(AIM OF THE TASK): Write out again, exactly, the lines below starting at the one with "case: z r => a b [c e] h." and ending at the one with "have b0 : b".

[Data entries]
------------------------------------

(* Let $d\geq 2$ and let $\mathsf{M}_1,\mathsf{M}_2$ be two sharp $d$-outcome measurements on $\mathbb{C}^d$, i.e. $\mathsf{M}_1(x)=|\varphi_x\rangle\langle\varphi_x|$ and $\mathsf{M}_2(y)=|\psi_y\rangle\langle\psi_y|$ for orthonormal bases $\{\varphi_x\}_{x=1}^d$, $\{\psi_y\}_{y=1}^d$. Then $$\bar{P}_{\rm qrac}(\mathsf{M}_1,\mathsf{M}_2)=\frac{1}{2d^2}\sum_{x,y=1}^d \big\|\mathsf{M}_1(x)+\mathsf{M}_2(y)\big\| \geq \frac12\left(1+\frac1d\right),$$ with equality if and only if $\mathsf{M}_1$ and $\mathsf{M}_2$ are compatible (equivalently, there is a permutation $\sigma$ of $\{1,\dots,d\}$ with $\mathsf{M}_2(y)=\mathsf{M}_1(\sigma(y))$ for all $y$).
   Context: $\|\cdot\|$ is the operator norm. Two POVMs $\mathsf{M}_1,\mathsf{M}_2$ are compatible if there is a POVM $\mathsf{G}$ on the product outcome set with $\sum_y\mathsf{G}(x,y)=\mathsf{M}_1(x)$ and $\sum_x\mathsf{G}(x,y)=\mathsf{M}_2(y)$. $\bar P_{\rm qrac}$ is the optimal (over encodings) average success probability in the $(2,d)$ quantum random access code, given by the displayed formula, and $\frac12(1+\frac1d)$ is the optimal classical $(2,d)$ random access code success probability. *)

From HB Require Import structures.
From mathcomp Require Import all_boot all_order all_algebra.
From mathcomp Require Import classical_sets reals.
From mathcomp Require Import complex.
Set Implicit Arguments. Unset Strict Implicit. Unset Printing Implicit Defensive.
Import Order.TTheory GRing.Theory Num.Theory.
Local Open Scope ring_scope.
Local Open Scope complex_scope.
Local Open Scope sesquilinear_scope.

Section QRAC.
Variables (R : realType) (d : nat).
Local Notation C := R[i].

Definition vnorm (v : 'cV[C]_d) : R :=
  Num.sqrt (\sum_(i < d) (complex.Re (v i 0) ^+ 2 + complex.Im (v i 0) ^+ 2)).

Definition opnorm (A : 'M[C]_d) : R :=
  sup [set vnorm (A *m v) | v in [set v : 'cV[C]_d | vnorm v = 1]]%classic.

Definition psdmx (A : 'M[C]_d) : Prop :=
  forall v : 'cV[C]_d, 0 <= ((v ^t* *m A *m v) 0 0).

Definition orthonormal_basis (phi : 'I_d -> 'cV[C]_d) : Prop :=
  forall x y, (phi x) ^t* *m phi y = (x == y)%:R%:M.

Definition sharp_meas (phi : 'I_d -> 'cV[C]_d) (x : 'I_d) : 'M[C]_d :=
  phi x *m (phi x) ^t*.

Definition compatible (M1 M2 : 'I_d -> 'M[C]_d) : Prop :=
  exists G : 'I_d -> 'I_d -> 'M[C]_d,
    (forall x y, psdmx (G x y)) /\
    \sum_(x < d) \sum_(y < d) G x y = 1%:M /\
    (forall x, \sum_(y < d) G x y = M1 x) /\
    (forall y, \sum_(x < d) G x y = M2 y).

Definition Pqrac (M1 M2 : 'I_d -> 'M[C]_d) : R :=
  (2 * d ^ 2)%:R^-1 * \sum_(x < d) \sum_(y < d) opnorm (M1 x + M2 y).

End QRAC.

(* For unit vectors f, g the operator |f><f| + |g><g| acts on span{f, g} through
   the Gram matrix [[1, c], [c^*, 1]], c = <f, g>, so its norm is 1 + |c|.  Hence
   Pqrac = (d^2 + sum_{x,y} t_xy) / (2 d^2) with t_xy = |<phi_x, psi_y>|.  The matrix
   (t_xy^2) is doubly stochastic, so sum t_xy >= sum t_xy^2 = d, with equality iff
   every t_xy is 0 or 1, i.e. iff psi is a permutation of phi up to phases.  Such a
   permutation sigma yields the joint measurement G(x, y) = [x = sigma y] M1(x);
   conversely every G(x, y) of a joint measurement is annihilated by all phi_x'
   (x' <> x) and psi_y' (y' <> y), which forces t_xy^2 = t_xy^4. *)

From HB Require Import structures.
From mathcomp Require Import all_boot all_order all_algebra all_fingroup.
From mathcomp Require Import classical_sets reals complex.
From mathcomp Require Import ring lra.
Set Implicit Arguments. Unset Strict Implicit. Unset Printing Implicit Defensive.
Import Order.TTheory GRing.Theory Num.Theory Normc.
Local Open Scope ring_scope.
Local Open Scope complex_scope.
(* [^t*] conjugates entries with [Num.conj], not with the [conjc] of complex_scope. *)
Local Notation "x ^*" := (Num.conj x) : complex_scope.
Local Notation Re := (@complex.Re _).
Local Notation Im := (@complex.Im _).

Lemma sup_attained (R : realType) (S : set R) m :
  S m -> (forall y, S y -> y <= m) -> sup S = m.
Proof.
move=> Sm ub; apply/eqP; rewrite eq_le ge_sup /=; [|by exists m|by move=> y /ub].
by apply: sup_upper_bound => //; split; [exists m | exists m => y /ub].
Qed.

Lemma sqr_le_self_leif (R : realDomainType) (s : R) :
  0 <= s <= 1 -> s ^+ 2 <= s ?= iff (s == 0) || (s == 1).
Proof.
case/andP=> s0 s1; split; first nra.
apply/idP/idP => [/eqP e|/orP[/eqP->|/eqP->]]; rewrite ?expr0n ?expr1n //.
by rewrite -[s == 1]subr_eq0 -mulf_eq0 mulrBr mulr1 -expr2 e subrr.
Qed.

Lemma sum_sqr_one_eq0 (R : realDomainType) (I : finType) (F : I -> R) i j :
  \sum_k F k ^+ 2 = 1 -> F i = 1 -> j != i -> F j = 0.
Proof.
rewrite (bigD1 i) //= => + Fi1; rewrite Fi1 expr1n -[RHS]addr0 => /addrI/eqP.
rewrite psumr_eq0 => [/allP/(_ j)|k _]; last exact: sqr_ge0.
by rewrite mem_index_enum sqrf_eq0 => /(_ isT)/implyP h /h/eqP.
Qed.

Section ComplexModulus.
Variable R : rcfType.
Implicit Types (x y : R[i]) (k : R).

Lemma complex_ext x y : Re x = Re y -> Im x = Im y -> x = y.
Proof. by case: x; case: y => /= ? ? ? ? -> ->. Qed.

Lemma normc_ge0 x : 0 <= normc x.
Proof. by case: x => a b; apply: sqrtr_ge0. Qed.

Lemma sqr_normc x : normc x ^+ 2 = Re x ^+ 2 + Im x ^+ 2.
Proof. by case: x => a b /=; rewrite sqr_sqrtr // addr_ge0 ?sqr_ge0. Qed.

Lemma mulJc_normc x : x^* * x = (normc x ^+ 2)%:C.
Proof. by rewrite sqr_normc; case: x => a b; apply: complex_ext => /=; ring. Qed.

Lemma normcJ x : normc x^* = normc x.
Proof. by case: x => a b /=; rewrite sqrrN. Qed.

Lemma ReJ x : Re x^* = Re x.
Proof. by case: x. Qed.

Lemma Re_realM k x : Re (k%:C * x) = k * Re x.
Proof. by case: x => a b /=; rewrite mul0r subr0. Qed.

Lemma Re_le_normc x : Re x <= normc x.
Proof.
rewrite -[Re x]/(Re (Re x)%:C); apply: (le_trans (ler_norm _)).
rewrite -(ler_pXn2r (_ : 0 < 2)%N) ?nnegrE ?normc_ge0 //= sqr_normc real_normK ?num_real //.
by rewrite lerDl sqr_ge0.
Qed.

Lemma conj_real k : k%:C^* = k%:C.
Proof. by apply: complex_ext => /=; rewrite ?oppr0. Qed.

Lemma affine_ge0_slope0 (z r : R[i]) : (forall s : R, 0 <= s%:C * z + r) -> z = 0.
Proof.
case: z r => a b [c e] h.
have hs s : s * b + e = 0 /\ 0 <= s * a + c.
  by have := h s; rewrite lecE /= => /andP[/eqP ? ?]; split; lra.
have e0 : e = 0 by have [] := hs 0; rewrite mul0r add0r.
have b0 : b = 0 by have [] := hs 1; rewrite mul1r e0 addr0.
have [a0|a0] := eqVneq a 0; first by rewrite a0 b0.
by have [_] := hs (- (c + 1) / a); rewrite divfK // => ?; exfalso; lra.
Qed.

End ComplexModulus.
Local Open Scope sesquilinear_scope.

Section InnerProduct.
Variables (R : realType) (d : nat).
Local Notation vec := 'cV[R[i]]_d.
Implicit Types (u v w f : vec) (k : R[i]).

Definition dot u v : R[i] := \sum_i (u i 0)^* * v i 0.

Lemma dotE u v : (u ^t* *m v) 0 0 = dot u v.
Proof. by rewrite !mxE; apply: eq_bigr => i _; rewrite !mxE. Qed.

Lemma dotDl u v w : dot (u + v) w = dot u w + dot v w.
Proof. by rewrite -big_split; apply: eq_bigr => i _; rewrite mxE rmorphD mulrDl. Qed.

Lemma dotDr u v w : dot u (v + w) = dot u v + dot u w.
Proof. by rewrite -big_split; apply: eq_bigr => i _; rewrite mxE mulrDr. Qed.

Lemma dotZl k u v : dot (k *: u) v = k^* * dot u v.
Proof. by rewrite mulr_sumr; apply: eq_bigr => i _; rewrite mxE rmorphM mulrA. Qed.

Lemma dotZr k u v : dot u (k *: v) = k * dot u v.
Proof. by rewrite mulr_sumr; apply: eq_bigr => i _; rewrite mxE mulrCA. Qed.

Lemma dotNl u v : dot (- u) v = - dot u v.
Proof. by rewrite -scaleN1r dotZl rmorphN1 mulN1r. Qed.

Lemma dotNr u v : dot u (- v) = - dot u v.
Proof. by rewrite -scaleN1r dotZr mulN1r. Qed.

Lemma dot0r u : dot u 0 = 0.
Proof. by rewrite -(scale0r 0) dotZr mul0r. Qed.

Lemma dot_sumr u (I : finType) (F : I -> vec) :
  dot u (\sum_j F j) = \sum_j dot u (F j).
Proof.
rewrite /dot exchange_big; apply: eq_bigr => i _.
by rewrite summxE mulr_sumr.
Qed.

Lemma conj_dot u v : (dot u v)^* = dot v u.
Proof.
rewrite rmorph_sum; apply: eq_bigr => i _.
by rewrite rmorphM /= conjCK mulrC.
Qed.

Lemma vnorm_ge0 v : 0 <= vnorm v.
Proof. exact: sqrtr_ge0. Qed.

Lemma dot_vnorm v : dot v v = (vnorm v ^+ 2)%:C.
Proof.
rewrite sqr_sqrtr; last by apply: sumr_ge0 => i _; rewrite addr_ge0 ?sqr_ge0.
rewrite rmorph_sum; apply: eq_bigr => i _; by rewrite mulJc_normc sqr_normc.
Qed.

Lemma vnorm_eq0 v : vnorm v = 0 -> v = 0.
Proof.
move=> /eqP; rewrite sqrtr_eq0 => v0; apply/matrixP => i j; rewrite ord1 mxE.
have entry_ge0 l : true -> 0 <= Re (v l 0) ^+ 2 + Im (v l 0) ^+ 2.
  by rewrite addr_ge0 ?sqr_ge0.
have /(psumr_eq0P entry_ge0) entry0 : \sum_l (Re (v l 0) ^+ 2 + Im (v l 0) ^+ 2) = 0.
  by apply/eqP; rewrite eq_le v0 sumr_ge0.
by apply: eq0_normc; apply/eqP; rewrite -sqrf_eq0 sqr_normc entry0.
Qed.

Lemma vnormZ (k : R) v : vnorm (k%:C *: v) = `|k| * vnorm v.
Proof.
apply/eqP; rewrite -(eqrXn2 (_ : 0 < 2)%N) ?mulr_ge0 ?vnorm_ge0 //.
apply/eqP/complexI; rewrite -dot_vnorm dotZl dotZr dot_vnorm conj_real mulrA.
by rewrite -!rmorphM exprMn real_normK ?num_real // expr2.
Qed.

Lemma Re_dot_le (s : R) u v :
  2 * s * Re (dot v u) <= s ^+ 2 * vnorm v ^+ 2 + vnorm u ^+ 2.
Proof.
have := dot_vnorm (s%:C *: v - u).
rewrite !(dotDl, dotDr, dotZl, dotZr, dotNl, dotNr) -(conj_dot v u) conj_real !dot_vnorm.
move=> /(congr1 Re); rewrite /= !raddfB /= !Re_realM !raddfB /= ReJ => E.
by have := sqr_ge0 (vnorm (s%:C *: v - u)); rewrite -E; lra.
Qed.

Lemma mul_rank1mx f v : f *m f ^t* *m v = dot f v *: f.
Proof. by rewrite -mulmxA [f ^t* *m v]mx11_scalar mul_mx_scalar dotE. Qed.

Lemma sharp_measZ k f :
  (k *: f) *m (k *: f) ^t* = (k * k^*) *: (f *m f ^t*).
Proof. by apply/matrixP => i j; rewrite !mxE !big_ord1 !mxE rmorphM /=; ring. Qed.

Lemma psd_dot M v : (v ^t* *m M *m v) 0 0 = dot v (M *m v).
Proof. by rewrite -mulmxA dotE. Qed.

End InnerProduct.

Section RankOneSum.
Variables (R : realType) (d : nat) (f g : 'cV[R[i]]_d).
Hypotheses (f1 : dot f f = 1) (g1 : dot g g = 1).
Local Notation c := (dot f g).
Local Notation A := (f *m f ^t* + g *m g ^t*).

Lemma mul_rank1_summx v : A *m v = dot f v *: f + dot g v *: g.
Proof. by rewrite mulmxDl !mul_rank1mx. Qed.

Lemma vnorm_comb_le (a b : R[i]) :
  vnorm (a *: f + b *: g) ^+ 2 <= (1 + normc c) * (normc a ^+ 2 + normc b ^+ 2).
Proof.
have /(congr1 Re) : dot (a *: f + b *: g) (a *: f + b *: g) =
    a^* * a + b^* * b + ((a^* * b * c) + (a^* * b * c)^*).
  rewrite !(dotDl, dotDr, dotZl, dotZr) f1 g1 -(conj_dot f g) !rmorphM /= conjCK.
  ring.
rewrite dot_vnorm !raddfD /= !mulJc_normc /= ReJ => ->.
have := Re_le_normc (a^* * b * c); rewrite !normcM normcJ.
have := normc_ge0 a; have := normc_ge0 b; have := normc_ge0 c.
have := sqr_ge0 (normc a - normc b); nra.
Qed.

Lemma vnorm_rank1_sum_le v : vnorm v = 1 -> vnorm (A *m v) <= 1 + normc c.
Proof.
move=> v1; set s := 1 + normc c.
have s0 : 0 <= s by rewrite addr_ge0 ?normc_ge0.
set S := normc (dot f v) ^+ 2 + normc (dot g v) ^+ 2.
have N_le : vnorm (A *m v) ^+ 2 <= s * S by rewrite mul_rank1_summx vnorm_comb_le.
have ReS : Re (dot v (A *m v)) = S.
  rewrite mul_rank1_summx dotDr !dotZr -(conj_dot f v) -(conj_dot g v).
  by rewrite ![_ * _^*]mulrC !mulJc_normc raddfD.
have := Re_dot_le s (A *m v) v; rewrite ReS v1 expr1n mulr1 => CS.
(* [N <= s S] and [2 s S <= s^2 + N] force [N <= s^2]. *)
have := vnorm_ge0 (A *m v); move: (vnorm _) N_le CS => N; nra.
Qed.

Lemma phase_mul : c^* / (normc c)%:C * c = (normc c)%:C.
Proof.
have [c0|c0] := eqVneq c 0; first by rewrite c0 mulr0 /= expr0n addr0 sqrtr0.
rewrite mulrAC mulJc_normc expr2 rmorphM /= mulfK //.
by apply: contra c0 => /eqP/complexI/eq0_normc ->.
Qed.

Lemma phase_normc : c^* / (normc c)%:C * (normc c)%:C = c^*.
Proof.
have [c0|c0] := eqVneq c 0; first by rewrite c0 rmorph0 !mul0r.
by rewrite divfK //; apply: contra c0 => /eqP/complexI/eq0_normc ->.
Qed.

Lemma rank1_sum_eigenvector :
  exists2 w : 'cV_d, w != 0 & A *m w = (1 + normc c)%:C *: w.
Proof.
(* The phase [u] of [c^*] is [0] when [c = 0] (division by zero); then [w = f] is
   still an eigenvector since [f] and [g] are orthogonal. *)
set u := c^* / (normc c)%:C; set w := f + u *: g.
have fw : dot f w = (1 + normc c)%:C.
  by rewrite dotDr dotZr f1 phase_mul rmorphD rmorph1.
exists w.
  apply/eqP => w0; move: fw; rewrite w0 dot0r => /(congr1 Re) /=.
  by have := normc_ge0 c; lra.
rewrite mul_rank1_summx fw dotDr dotZr g1 mulr1 -(conj_dot f g) -{1}phase_normc.
rewrite -/u scalerDr scalerA; congr (_ + _ *: _).
by rewrite rmorphD rmorph1; ring.
Qed.

Lemma opnorm_rank1_sum : opnorm A = 1 + normc c.
Proof.
have [w w0 Aw] := rank1_sum_eigenvector.
have nw0 : 0 < vnorm w.
  by rewrite lt_def vnorm_ge0 andbT; apply: contra w0 => /eqP/vnorm_eq0 ->.
apply: sup_attained => [|_ [v /= v1 <-]]; last exact: vnorm_rank1_sum_le.
exists ((vnorm w)^-1%:C *: w).
  rewrite /= vnormZ ger0_norm ?invr_ge0 ?vnorm_ge0 //.
  by rewrite mulVf ?lt0r_neq0.
rewrite -scalemxAr Aw scalerA mulrC -scalerA !vnormZ.
by rewrite !ger0_norm ?addr_ge0 ?normc_ge0 ?invr_ge0 ?vnorm_ge0 // mulVf ?lt0r_neq0 ?mulr1.
Qed.

End RankOneSum.

Section OrthonormalBasis.
Variables (R : realType) (d : nat) (phi : 'I_d -> 'cV[R[i]]_d).
Hypothesis hphi : orthonormal_basis phi.

Lemma onb_dot x y : dot (phi x) (phi y) = (x == y)%:R.
Proof.
by have /(congr1 (fun M : 'M_1 => M 0 0)) := hphi x y; rewrite dotE mxE eqxx mulr1n.
Qed.

Lemma onb_dot_self x : dot (phi x) (phi x) = 1.
Proof. by rewrite onb_dot eqxx. Qed.

Lemma sum_sharp_meas : \sum_x sharp_meas phi x = 1%:M.
Proof.
pose U : 'M[R[i]]_d := \matrix_(i, j) phi j i 0.
have /mulmx1C UU : U ^t* *m U = 1%:M.
  apply/matrixP => x y; rewrite !mxE -onb_dot.
  by apply: eq_bigr => i _; rewrite !mxE.
rewrite -UU; apply/matrixP => i j; rewrite summxE !mxE.
by apply: eq_bigr => x _; rewrite !mxE big_ord1 !mxE.
Qed.

Lemma onb_expand v : v = \sum_x dot (phi x) v *: phi x.
Proof.
rewrite -{1}[v]mul1mx -sum_sharp_meas mulmx_suml.
by apply: eq_bigr => x _; rewrite mul_rank1mx.
Qed.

------------------------------------

(EXPECTED OUTPUT):
case: z r => a b [c e] h.
have hs s : s * b + e = 0 /\ 0 <= s * a + c.
  by have := h s; rewrite lecE /= => /andP[/eqP ? ?]; split; lra.
have e0 : e = 0 by have [] := hs 0; rewrite mul0r add0r.
have b0 : b = 0 by have [] := hs 1; rewrite mul1r e0 addr0.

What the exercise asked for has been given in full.